> [Exercise prompt] Lines in the records below that contain the word "Arguments" must each be copied.

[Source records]
<<<<
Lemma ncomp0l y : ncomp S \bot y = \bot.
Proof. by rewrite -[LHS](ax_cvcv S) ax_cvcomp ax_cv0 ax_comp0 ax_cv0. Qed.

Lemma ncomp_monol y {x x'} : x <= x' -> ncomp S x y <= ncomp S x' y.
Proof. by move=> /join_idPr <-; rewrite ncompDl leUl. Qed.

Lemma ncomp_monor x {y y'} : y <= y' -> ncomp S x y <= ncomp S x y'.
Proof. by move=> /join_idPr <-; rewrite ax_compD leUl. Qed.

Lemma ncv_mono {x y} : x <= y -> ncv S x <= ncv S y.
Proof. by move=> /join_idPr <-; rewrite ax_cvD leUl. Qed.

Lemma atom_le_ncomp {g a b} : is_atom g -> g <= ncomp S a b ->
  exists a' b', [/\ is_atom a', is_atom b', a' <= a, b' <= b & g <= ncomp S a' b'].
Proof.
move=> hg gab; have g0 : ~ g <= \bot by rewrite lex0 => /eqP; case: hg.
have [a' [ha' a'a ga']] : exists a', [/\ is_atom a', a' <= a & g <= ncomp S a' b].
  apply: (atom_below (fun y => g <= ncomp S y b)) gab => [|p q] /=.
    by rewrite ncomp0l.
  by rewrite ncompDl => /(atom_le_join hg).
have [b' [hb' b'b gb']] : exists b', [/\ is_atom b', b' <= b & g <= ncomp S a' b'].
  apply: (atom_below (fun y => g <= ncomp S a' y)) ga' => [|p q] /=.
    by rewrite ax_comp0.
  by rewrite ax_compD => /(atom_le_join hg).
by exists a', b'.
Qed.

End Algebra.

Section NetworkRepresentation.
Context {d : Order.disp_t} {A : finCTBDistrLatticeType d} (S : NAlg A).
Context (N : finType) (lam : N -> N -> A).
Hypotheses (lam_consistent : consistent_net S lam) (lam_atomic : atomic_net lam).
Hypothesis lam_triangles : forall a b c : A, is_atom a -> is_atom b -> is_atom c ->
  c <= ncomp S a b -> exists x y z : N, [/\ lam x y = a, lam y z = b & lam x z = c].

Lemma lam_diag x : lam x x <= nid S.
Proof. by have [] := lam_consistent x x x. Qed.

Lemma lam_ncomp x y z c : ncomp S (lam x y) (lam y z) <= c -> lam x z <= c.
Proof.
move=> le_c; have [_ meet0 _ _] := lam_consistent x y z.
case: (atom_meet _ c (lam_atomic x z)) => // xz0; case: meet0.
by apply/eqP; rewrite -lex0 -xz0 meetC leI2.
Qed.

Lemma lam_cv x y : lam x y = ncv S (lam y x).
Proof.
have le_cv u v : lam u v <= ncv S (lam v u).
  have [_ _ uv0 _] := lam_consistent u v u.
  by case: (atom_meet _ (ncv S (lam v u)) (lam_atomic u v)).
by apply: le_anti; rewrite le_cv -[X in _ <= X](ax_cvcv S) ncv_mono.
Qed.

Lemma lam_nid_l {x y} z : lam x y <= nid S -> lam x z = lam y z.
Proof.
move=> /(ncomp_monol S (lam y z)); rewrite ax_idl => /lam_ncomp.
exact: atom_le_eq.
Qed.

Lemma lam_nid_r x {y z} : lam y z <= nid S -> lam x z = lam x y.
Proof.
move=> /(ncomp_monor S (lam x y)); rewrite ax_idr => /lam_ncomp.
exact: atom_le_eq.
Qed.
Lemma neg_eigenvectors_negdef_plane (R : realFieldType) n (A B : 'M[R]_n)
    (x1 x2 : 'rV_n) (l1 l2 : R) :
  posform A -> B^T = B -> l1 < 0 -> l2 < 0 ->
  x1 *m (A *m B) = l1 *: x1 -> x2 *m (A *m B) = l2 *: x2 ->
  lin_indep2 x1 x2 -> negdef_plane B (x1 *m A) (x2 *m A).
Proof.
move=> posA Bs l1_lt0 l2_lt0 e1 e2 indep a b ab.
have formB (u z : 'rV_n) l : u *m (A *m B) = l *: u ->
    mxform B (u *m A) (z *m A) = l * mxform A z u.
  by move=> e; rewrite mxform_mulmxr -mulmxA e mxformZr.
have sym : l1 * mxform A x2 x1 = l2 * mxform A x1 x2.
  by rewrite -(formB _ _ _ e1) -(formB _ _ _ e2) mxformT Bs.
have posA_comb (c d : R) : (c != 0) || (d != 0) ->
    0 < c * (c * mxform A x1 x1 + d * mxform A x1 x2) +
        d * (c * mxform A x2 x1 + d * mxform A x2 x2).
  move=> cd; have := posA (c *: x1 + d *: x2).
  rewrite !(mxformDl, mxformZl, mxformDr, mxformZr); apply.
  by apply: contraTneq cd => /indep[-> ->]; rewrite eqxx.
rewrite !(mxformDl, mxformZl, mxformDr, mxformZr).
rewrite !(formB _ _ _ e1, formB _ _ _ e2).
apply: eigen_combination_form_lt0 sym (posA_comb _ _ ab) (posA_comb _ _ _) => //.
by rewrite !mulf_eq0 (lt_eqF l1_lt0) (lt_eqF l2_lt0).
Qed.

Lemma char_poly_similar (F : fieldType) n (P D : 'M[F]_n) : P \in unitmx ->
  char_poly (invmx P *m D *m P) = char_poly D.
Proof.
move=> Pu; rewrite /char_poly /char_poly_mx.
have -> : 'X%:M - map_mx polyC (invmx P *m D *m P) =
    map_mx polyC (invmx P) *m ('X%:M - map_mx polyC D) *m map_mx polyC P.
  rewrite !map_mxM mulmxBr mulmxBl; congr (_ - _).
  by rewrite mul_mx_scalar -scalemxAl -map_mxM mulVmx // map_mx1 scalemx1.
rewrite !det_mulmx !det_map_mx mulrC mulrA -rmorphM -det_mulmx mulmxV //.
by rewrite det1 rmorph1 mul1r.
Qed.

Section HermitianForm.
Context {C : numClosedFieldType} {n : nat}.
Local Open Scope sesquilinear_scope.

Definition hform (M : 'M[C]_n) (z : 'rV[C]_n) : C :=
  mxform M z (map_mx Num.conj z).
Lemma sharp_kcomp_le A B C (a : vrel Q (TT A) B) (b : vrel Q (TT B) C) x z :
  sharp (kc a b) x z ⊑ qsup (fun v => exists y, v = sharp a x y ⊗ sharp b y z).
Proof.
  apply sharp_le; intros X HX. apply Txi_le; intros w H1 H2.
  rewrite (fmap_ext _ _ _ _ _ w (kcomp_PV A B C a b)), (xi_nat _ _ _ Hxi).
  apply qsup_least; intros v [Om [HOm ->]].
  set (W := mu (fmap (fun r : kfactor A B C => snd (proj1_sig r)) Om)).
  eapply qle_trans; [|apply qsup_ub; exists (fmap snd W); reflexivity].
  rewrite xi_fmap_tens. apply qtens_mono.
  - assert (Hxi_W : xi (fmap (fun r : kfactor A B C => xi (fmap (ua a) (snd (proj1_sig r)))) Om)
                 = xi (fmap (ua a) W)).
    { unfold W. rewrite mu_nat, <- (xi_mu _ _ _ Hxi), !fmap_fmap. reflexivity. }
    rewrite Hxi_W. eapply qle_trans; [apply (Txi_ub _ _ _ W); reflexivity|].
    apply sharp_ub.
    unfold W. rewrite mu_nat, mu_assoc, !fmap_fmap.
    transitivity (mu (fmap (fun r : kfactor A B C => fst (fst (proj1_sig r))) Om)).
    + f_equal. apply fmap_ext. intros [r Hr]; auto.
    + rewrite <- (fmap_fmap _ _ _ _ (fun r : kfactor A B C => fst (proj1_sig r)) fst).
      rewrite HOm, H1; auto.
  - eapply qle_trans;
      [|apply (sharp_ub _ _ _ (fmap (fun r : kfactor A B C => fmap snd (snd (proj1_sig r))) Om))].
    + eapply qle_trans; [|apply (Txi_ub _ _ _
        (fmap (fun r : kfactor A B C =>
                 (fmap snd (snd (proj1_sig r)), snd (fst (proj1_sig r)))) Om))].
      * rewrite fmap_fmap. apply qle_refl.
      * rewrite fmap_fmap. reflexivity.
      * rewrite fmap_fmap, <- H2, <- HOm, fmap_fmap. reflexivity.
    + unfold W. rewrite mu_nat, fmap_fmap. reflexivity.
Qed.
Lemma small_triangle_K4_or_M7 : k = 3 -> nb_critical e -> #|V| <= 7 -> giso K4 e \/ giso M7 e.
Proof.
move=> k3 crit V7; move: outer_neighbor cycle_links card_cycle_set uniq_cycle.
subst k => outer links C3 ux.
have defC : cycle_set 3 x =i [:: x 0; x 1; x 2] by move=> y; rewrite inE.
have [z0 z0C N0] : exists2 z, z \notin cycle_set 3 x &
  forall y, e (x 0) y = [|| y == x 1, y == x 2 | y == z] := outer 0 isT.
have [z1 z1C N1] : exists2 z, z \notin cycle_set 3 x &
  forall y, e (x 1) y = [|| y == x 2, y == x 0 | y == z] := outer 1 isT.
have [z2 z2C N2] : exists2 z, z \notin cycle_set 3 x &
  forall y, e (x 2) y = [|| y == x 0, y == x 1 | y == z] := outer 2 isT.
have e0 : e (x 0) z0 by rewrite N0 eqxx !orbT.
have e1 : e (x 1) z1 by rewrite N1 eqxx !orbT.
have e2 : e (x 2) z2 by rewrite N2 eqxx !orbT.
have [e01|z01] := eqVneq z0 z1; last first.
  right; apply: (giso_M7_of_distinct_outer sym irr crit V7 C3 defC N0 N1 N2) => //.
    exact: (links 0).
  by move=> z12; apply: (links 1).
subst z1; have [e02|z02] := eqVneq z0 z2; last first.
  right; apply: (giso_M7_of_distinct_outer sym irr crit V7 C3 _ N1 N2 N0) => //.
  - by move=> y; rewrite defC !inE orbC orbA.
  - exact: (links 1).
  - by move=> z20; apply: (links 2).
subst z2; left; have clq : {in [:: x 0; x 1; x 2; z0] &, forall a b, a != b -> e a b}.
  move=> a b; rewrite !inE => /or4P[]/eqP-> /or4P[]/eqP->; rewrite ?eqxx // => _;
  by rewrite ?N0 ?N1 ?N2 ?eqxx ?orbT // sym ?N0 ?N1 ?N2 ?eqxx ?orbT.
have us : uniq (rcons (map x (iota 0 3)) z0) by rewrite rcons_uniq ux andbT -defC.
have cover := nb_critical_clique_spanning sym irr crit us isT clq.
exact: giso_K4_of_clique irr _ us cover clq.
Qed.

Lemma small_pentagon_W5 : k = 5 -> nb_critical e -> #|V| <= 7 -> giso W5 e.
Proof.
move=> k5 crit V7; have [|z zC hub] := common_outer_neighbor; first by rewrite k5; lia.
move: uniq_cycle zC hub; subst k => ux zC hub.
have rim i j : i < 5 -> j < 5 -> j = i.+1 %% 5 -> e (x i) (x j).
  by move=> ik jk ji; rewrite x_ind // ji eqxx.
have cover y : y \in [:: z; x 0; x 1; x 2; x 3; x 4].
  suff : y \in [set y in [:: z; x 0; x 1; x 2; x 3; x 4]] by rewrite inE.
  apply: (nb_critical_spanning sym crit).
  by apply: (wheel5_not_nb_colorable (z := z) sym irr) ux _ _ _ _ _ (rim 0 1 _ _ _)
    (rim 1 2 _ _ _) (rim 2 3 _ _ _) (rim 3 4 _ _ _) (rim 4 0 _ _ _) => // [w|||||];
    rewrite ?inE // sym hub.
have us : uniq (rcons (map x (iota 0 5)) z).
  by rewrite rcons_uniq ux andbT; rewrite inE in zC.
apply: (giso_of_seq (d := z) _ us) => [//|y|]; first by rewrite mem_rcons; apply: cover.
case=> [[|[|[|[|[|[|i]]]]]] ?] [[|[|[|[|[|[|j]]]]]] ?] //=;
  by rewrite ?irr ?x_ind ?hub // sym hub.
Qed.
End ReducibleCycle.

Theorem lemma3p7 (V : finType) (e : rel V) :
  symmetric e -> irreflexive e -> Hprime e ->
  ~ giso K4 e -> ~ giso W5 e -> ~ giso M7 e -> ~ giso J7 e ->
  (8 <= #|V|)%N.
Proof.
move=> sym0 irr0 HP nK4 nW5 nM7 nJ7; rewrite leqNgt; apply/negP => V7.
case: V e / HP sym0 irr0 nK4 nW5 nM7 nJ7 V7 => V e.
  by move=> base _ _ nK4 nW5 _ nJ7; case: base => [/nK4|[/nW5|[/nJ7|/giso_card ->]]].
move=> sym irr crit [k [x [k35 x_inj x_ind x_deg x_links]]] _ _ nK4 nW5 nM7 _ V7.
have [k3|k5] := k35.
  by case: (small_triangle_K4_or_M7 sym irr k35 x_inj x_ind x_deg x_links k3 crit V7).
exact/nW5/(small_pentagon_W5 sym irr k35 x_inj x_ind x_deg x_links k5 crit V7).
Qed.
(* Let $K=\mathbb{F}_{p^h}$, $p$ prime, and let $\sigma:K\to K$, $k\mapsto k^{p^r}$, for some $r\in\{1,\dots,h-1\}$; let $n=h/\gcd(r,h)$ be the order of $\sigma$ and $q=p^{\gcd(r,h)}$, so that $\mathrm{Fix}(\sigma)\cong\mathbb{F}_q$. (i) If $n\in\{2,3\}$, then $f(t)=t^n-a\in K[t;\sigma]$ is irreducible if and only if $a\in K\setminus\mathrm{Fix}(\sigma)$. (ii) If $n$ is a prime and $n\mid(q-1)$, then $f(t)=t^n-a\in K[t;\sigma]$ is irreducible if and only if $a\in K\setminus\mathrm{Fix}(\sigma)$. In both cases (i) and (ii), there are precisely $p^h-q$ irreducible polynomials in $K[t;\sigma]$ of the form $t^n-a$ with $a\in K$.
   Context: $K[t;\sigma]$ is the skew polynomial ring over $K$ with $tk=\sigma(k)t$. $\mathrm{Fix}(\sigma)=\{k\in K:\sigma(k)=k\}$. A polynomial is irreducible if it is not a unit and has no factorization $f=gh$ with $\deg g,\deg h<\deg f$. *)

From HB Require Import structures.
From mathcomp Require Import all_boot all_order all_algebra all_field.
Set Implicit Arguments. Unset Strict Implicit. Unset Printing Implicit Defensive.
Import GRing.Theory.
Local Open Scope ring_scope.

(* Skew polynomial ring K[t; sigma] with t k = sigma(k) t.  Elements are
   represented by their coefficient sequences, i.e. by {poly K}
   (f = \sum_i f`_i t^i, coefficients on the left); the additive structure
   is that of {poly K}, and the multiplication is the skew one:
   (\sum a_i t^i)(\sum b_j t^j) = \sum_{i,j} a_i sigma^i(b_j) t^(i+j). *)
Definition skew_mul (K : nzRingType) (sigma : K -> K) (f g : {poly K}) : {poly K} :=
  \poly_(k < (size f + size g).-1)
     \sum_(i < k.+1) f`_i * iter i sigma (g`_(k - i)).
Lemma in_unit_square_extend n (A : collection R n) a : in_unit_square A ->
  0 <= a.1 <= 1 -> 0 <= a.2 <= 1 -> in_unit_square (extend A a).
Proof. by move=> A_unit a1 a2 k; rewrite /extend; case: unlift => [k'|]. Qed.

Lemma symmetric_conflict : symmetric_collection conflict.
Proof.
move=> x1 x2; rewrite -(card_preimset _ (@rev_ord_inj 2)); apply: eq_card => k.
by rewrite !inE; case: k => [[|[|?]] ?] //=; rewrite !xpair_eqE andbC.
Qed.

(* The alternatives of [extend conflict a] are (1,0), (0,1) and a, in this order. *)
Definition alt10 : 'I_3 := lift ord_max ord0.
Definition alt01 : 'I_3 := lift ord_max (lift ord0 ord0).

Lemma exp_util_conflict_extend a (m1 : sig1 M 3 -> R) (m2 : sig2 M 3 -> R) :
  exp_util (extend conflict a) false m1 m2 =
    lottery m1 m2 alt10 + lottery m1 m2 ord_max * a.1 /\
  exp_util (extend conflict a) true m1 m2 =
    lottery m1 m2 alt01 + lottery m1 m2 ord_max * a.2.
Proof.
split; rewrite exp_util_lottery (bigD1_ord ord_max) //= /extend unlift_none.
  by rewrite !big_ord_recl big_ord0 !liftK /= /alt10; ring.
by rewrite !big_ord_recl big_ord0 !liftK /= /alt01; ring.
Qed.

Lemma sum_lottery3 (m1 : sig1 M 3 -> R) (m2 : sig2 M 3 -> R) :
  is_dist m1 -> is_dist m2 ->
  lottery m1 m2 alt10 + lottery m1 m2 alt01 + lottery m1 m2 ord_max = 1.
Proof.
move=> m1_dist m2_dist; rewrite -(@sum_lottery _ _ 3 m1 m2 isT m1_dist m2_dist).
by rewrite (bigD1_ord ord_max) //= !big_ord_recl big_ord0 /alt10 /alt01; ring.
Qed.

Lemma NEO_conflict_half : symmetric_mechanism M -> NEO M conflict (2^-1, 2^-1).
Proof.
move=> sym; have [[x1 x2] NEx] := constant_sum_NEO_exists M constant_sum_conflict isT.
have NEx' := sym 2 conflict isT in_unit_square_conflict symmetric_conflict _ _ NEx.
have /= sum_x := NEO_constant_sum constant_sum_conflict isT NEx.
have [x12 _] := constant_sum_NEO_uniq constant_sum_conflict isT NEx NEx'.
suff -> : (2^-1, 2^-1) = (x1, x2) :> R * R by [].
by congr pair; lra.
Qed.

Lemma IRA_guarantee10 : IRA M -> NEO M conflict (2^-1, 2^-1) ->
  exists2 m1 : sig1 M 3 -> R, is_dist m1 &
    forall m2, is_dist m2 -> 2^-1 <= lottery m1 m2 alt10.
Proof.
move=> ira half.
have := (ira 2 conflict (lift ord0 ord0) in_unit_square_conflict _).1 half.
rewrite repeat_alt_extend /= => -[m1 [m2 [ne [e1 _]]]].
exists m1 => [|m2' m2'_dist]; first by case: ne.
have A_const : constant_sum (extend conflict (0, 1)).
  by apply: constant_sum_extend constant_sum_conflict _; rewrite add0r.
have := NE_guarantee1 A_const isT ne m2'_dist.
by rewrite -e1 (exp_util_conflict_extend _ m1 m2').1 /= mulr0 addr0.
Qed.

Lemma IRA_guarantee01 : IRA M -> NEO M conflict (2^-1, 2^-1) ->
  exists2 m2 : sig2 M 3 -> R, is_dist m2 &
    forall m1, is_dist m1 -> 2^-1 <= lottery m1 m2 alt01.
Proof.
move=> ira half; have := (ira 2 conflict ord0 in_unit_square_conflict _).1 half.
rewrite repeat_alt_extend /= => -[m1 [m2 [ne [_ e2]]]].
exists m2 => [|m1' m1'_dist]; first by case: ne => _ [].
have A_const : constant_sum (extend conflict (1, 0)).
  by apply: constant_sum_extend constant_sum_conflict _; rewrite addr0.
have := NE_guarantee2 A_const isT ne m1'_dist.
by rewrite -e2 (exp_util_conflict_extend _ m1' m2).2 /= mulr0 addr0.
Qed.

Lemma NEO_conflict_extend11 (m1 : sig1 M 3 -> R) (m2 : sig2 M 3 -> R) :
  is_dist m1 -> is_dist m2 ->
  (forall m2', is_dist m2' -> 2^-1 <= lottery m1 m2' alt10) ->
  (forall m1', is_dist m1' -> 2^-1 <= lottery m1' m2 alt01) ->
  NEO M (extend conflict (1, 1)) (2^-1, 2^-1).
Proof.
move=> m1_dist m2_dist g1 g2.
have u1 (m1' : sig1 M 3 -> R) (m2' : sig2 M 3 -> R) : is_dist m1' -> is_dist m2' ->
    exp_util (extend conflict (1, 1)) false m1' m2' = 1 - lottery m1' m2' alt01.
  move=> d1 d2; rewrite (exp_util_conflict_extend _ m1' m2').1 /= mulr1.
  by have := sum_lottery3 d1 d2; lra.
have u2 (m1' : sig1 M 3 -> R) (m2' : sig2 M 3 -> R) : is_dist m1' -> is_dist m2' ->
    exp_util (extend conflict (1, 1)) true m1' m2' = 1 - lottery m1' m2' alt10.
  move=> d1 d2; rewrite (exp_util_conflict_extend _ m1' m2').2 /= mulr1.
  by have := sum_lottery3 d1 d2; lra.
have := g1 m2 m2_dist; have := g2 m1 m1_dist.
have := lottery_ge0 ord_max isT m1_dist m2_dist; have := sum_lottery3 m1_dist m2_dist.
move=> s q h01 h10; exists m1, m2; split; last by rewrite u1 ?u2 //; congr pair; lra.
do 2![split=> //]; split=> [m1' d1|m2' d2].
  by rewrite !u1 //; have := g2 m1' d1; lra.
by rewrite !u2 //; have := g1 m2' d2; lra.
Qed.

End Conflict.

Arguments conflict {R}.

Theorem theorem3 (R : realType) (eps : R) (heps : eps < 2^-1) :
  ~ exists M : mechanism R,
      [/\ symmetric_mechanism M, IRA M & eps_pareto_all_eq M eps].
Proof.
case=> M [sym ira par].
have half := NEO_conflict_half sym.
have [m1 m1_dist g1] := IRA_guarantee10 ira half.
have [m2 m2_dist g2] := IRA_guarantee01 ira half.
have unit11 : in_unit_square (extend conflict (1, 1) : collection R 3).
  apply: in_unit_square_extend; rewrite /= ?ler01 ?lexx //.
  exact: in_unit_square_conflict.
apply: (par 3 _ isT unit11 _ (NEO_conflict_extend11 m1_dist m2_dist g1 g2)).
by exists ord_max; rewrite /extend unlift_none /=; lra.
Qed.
>>>>
> [Written answer]
Set Implicit Arguments. Unset Strict Implicit. Unset Printing Implicit Defensive.
Arguments conflict {R}.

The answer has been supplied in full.